_What to produce_
Word for word, transcribe the records that follow.

===============

Lemma scaled_entropy_bound {R : realFieldType} (eps eta T E G Gn X : R) :
  0 < eps < 1 -> 0 < eta <= 1 -> 0 <= T -> 0 <= E -> 0 <= G ->
  Gn <= G + T / (2 * eta ^+ 2) * (40 * E) ->
  X <= 2 * (eps * (1 - eps)) * Gn ->
  X <= (2 * G + 40 * T * E) * (eps * (1 - eps) / eta ^+ 2)
    <= (2 * G + 40 * T * E) * (eps / eta ^+ 2).
Proof.
move=> /andP[eps_gt0 eps_lt1] /andP[eta_gt0 eta_le1] T_ge0 E_ge0 G_ge0 Gn_le X_le.
rewrite (invfM 2 (eta ^+ 2)) in Gn_le; set k := (eta ^+ 2)^-1 in Gn_le *.
have k_ge1 : 1 <= k.
  have eta_ge0 := ltW eta_gt0.
  by rewrite invr_ge1 ?unitfE ?expf_neq0 ?gt_eqF ?exprn_gt0 // expr_le1.
have m_ge0 : 0 <= eps * (1 - eps) by rewrite mulr_ge0 ?subr_ge0 ?(ltW eps_gt0) ?(ltW eps_lt1).
have C_ge0 : 0 <= 2 * G + 40 * T * E by rewrite addr_ge0 ?mulr_ge0.
apply/andP; split; last first.
  by rewrite ler_wpM2l // ler_wpM2r ?invr_ge0 ?sqr_ge0 //; nra.
have := ler_wpM2l (mulr_ge0 (ler0n _ 2) m_ge0) Gn_le.
have := ler_wpM2l (mulr_ge0 m_ge0 G_ge0) k_ge1.
rewrite mulr1; lra.
Qed.

Theorem corollary1 (R : realType) :
  exists C : R -> R -> R -> R,
  forall (d : nat) (V Elt : finType) (x : V -> 'I_d -> R) (vtx : Elt -> 'I_d.+1 -> V),
    (1 <= d <= 3)%N -> structured_mesh x vtx ->
  forall (eps eta T : R) (N n : nat) (phi mu : nat -> V -> R),
    0 < eps < 1 / 2 -> 0 < eta <= 1 -> 0 < T -> (0 < N)%N -> (n < N)%N ->
    (forall m, (m <= n)%N ->
       Gscheme x vtx (T / N%:R) eps eta (phi m) (phi m.+1) (mu m.+1)) ->
    let Cst := C T (energy x vtx eta (phi 0%N))
                   (lumped x vtx (fun v => Geps eps (phi 0%N v))) in
    intpow x vtx (fun v => Num.min (phi n.+1 v) 0) 2
      <= Cst * (eps * (1 - eps) / eta ^+ 2) <= Cst * (eps / eta ^+ 2)
    /\
    intpow x vtx (fun v => Num.max (phi n.+1 v - 1) 0) 2
      <= Cst * (eps * (1 - eps) / eta ^+ 2) <= Cst * (eps / eta ^+ 2).
Proof.
exists (fun T E G => 2 * G + 40 * T * E).
move=> d V Elt x vtx d_small _ eps eta T N n phi mu /andP[eps_gt0 eps_lt] eta_bnd
  T_gt0 N_gt0 n_lt scheme Cst.
have dt_gt0 : 0 < T / N%:R by rewrite divr_gt0 ?ltr0n.
have ndt_le : n.+1%:R * (T / N%:R) <= T.
  by rewrite mulrCA ger_pMr // ler_pdivrMr ?ltr0n // mul1r ler_nat.
have Gn_le := Gscheme_entropy_le_initial dt_gt0 eps_gt0 eps_lt scheme d_small ndt_le.
have E0_ge0 := energy_ge0 x vtx d_small eta (phi 0%N).
have G0_ge0 := lumped_ge0 x vtx (fun v => Geps_ge0 eps_gt0 eps_lt (phi 0%N v)).
have eps_lt1 : 0 < eps < 1 by rewrite eps_gt0 (lt_trans eps_lt) // ltr_pdivrMr // mul1r ltr1n.
have bound := scaled_entropy_bound eps_lt1 eta_bnd (ltW T_gt0) E0_ge0 G0_ge0 Gn_le.
split; apply: bound.
- exact: (intpow_sqr_le_entropy (g := fun t => Num.min t 0) x vtx d_small _
    (Geps_neg_part eps_gt0 eps_lt)).
- exact: (intpow_sqr_le_entropy (g := fun t => Num.max (t - 1) 0) x vtx d_small _
    (Geps_pos_part eps_gt0 eps_lt)).
Qed.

===============

_Task response_
Lemma scaled_entropy_bound {R : realFieldType} (eps eta T E G Gn X : R) :
  0 < eps < 1 -> 0 < eta <= 1 -> 0 <= T -> 0 <= E -> 0 <= G ->
  Gn <= G + T / (2 * eta ^+ 2) * (40 * E) ->
  X <= 2 * (eps * (1 - eps)) * Gn ->
  X <= (2 * G + 40 * T * E) * (eps * (1 - eps) / eta ^+ 2)
    <= (2 * G + 40 * T * E) * (eps / eta ^+ 2).
Proof.
move=> /andP[eps_gt0 eps_lt1] /andP[eta_gt0 eta_le1] T_ge0 E_ge0 G_ge0 Gn_le X_le.
rewrite (invfM 2 (eta ^+ 2)) in Gn_le; set k := (eta ^+ 2)^-1 in Gn_le *.
have k_ge1 : 1 <= k.
  have eta_ge0 := ltW eta_gt0.
  by rewrite invr_ge1 ?unitfE ?expf_neq0 ?gt_eqF ?exprn_gt0 // expr_le1.
have m_ge0 : 0 <= eps * (1 - eps) by rewrite mulr_ge0 ?subr_ge0 ?(ltW eps_gt0) ?(ltW eps_lt1).
have C_ge0 : 0 <= 2 * G + 40 * T * E by rewrite addr_ge0 ?mulr_ge0.
apply/andP; split; last first.
  by rewrite ler_wpM2l // ler_wpM2r ?invr_ge0 ?sqr_ge0 //; nra.
have := ler_wpM2l (mulr_ge0 (ler0n _ 2) m_ge0) Gn_le.
have := ler_wpM2l (mulr_ge0 m_ge0 G_ge0) k_ge1.
rewrite mulr1; lra.
Qed.

Theorem corollary1 (R : realType) :
  exists C : R -> R -> R -> R,
  forall (d : nat) (V Elt : finType) (x : V -> 'I_d -> R) (vtx : Elt -> 'I_d.+1 -> V),
    (1 <= d <= 3)%N -> structured_mesh x vtx ->
  forall (eps eta T : R) (N n : nat) (phi mu : nat -> V -> R),
    0 < eps < 1 / 2 -> 0 < eta <= 1 -> 0 < T -> (0 < N)%N -> (n < N)%N ->
    (forall m, (m <= n)%N ->
       Gscheme x vtx (T / N%:R) eps eta (phi m) (phi m.+1) (mu m.+1)) ->
    let Cst := C T (energy x vtx eta (phi 0%N))
                   (lumped x vtx (fun v => Geps eps (phi 0%N v))) in
    intpow x vtx (fun v => Num.min (phi n.+1 v) 0) 2
      <= Cst * (eps * (1 - eps) / eta ^+ 2) <= Cst * (eps / eta ^+ 2)
    /\
    intpow x vtx (fun v => Num.max (phi n.+1 v - 1) 0) 2
      <= Cst * (eps * (1 - eps) / eta ^+ 2) <= Cst * (eps / eta ^+ 2).
Proof.
exists (fun T E G => 2 * G + 40 * T * E).
move=> d V Elt x vtx d_small _ eps eta T N n phi mu /andP[eps_gt0 eps_lt] eta_bnd
  T_gt0 N_gt0 n_lt scheme Cst.
have dt_gt0 : 0 < T / N%:R by rewrite divr_gt0 ?ltr0n.
have ndt_le : n.+1%:R * (T / N%:R) <= T.
  by rewrite mulrCA ger_pMr // ler_pdivrMr ?ltr0n // mul1r ler_nat.
have Gn_le := Gscheme_entropy_le_initial dt_gt0 eps_gt0 eps_lt scheme d_small ndt_le.
have E0_ge0 := energy_ge0 x vtx d_small eta (phi 0%N).
have G0_ge0 := lumped_ge0 x vtx (fun v => Geps_ge0 eps_gt0 eps_lt (phi 0%N v)).
have eps_lt1 : 0 < eps < 1 by rewrite eps_gt0 (lt_trans eps_lt) // ltr_pdivrMr // mul1r ltr1n.
have bound := scaled_entropy_bound eps_lt1 eta_bnd (ltW T_gt0) E0_ge0 G0_ge0 Gn_le.
split; apply: bound.
- exact: (intpow_sqr_le_entropy (g := fun t => Num.min t 0) x vtx d_small _
    (Geps_neg_part eps_gt0 eps_lt)).
- exact: (intpow_sqr_le_entropy (g := fun t => Num.max (t - 1) 0) x vtx d_small _
    (Geps_pos_part eps_gt0 eps_lt)).
Qed.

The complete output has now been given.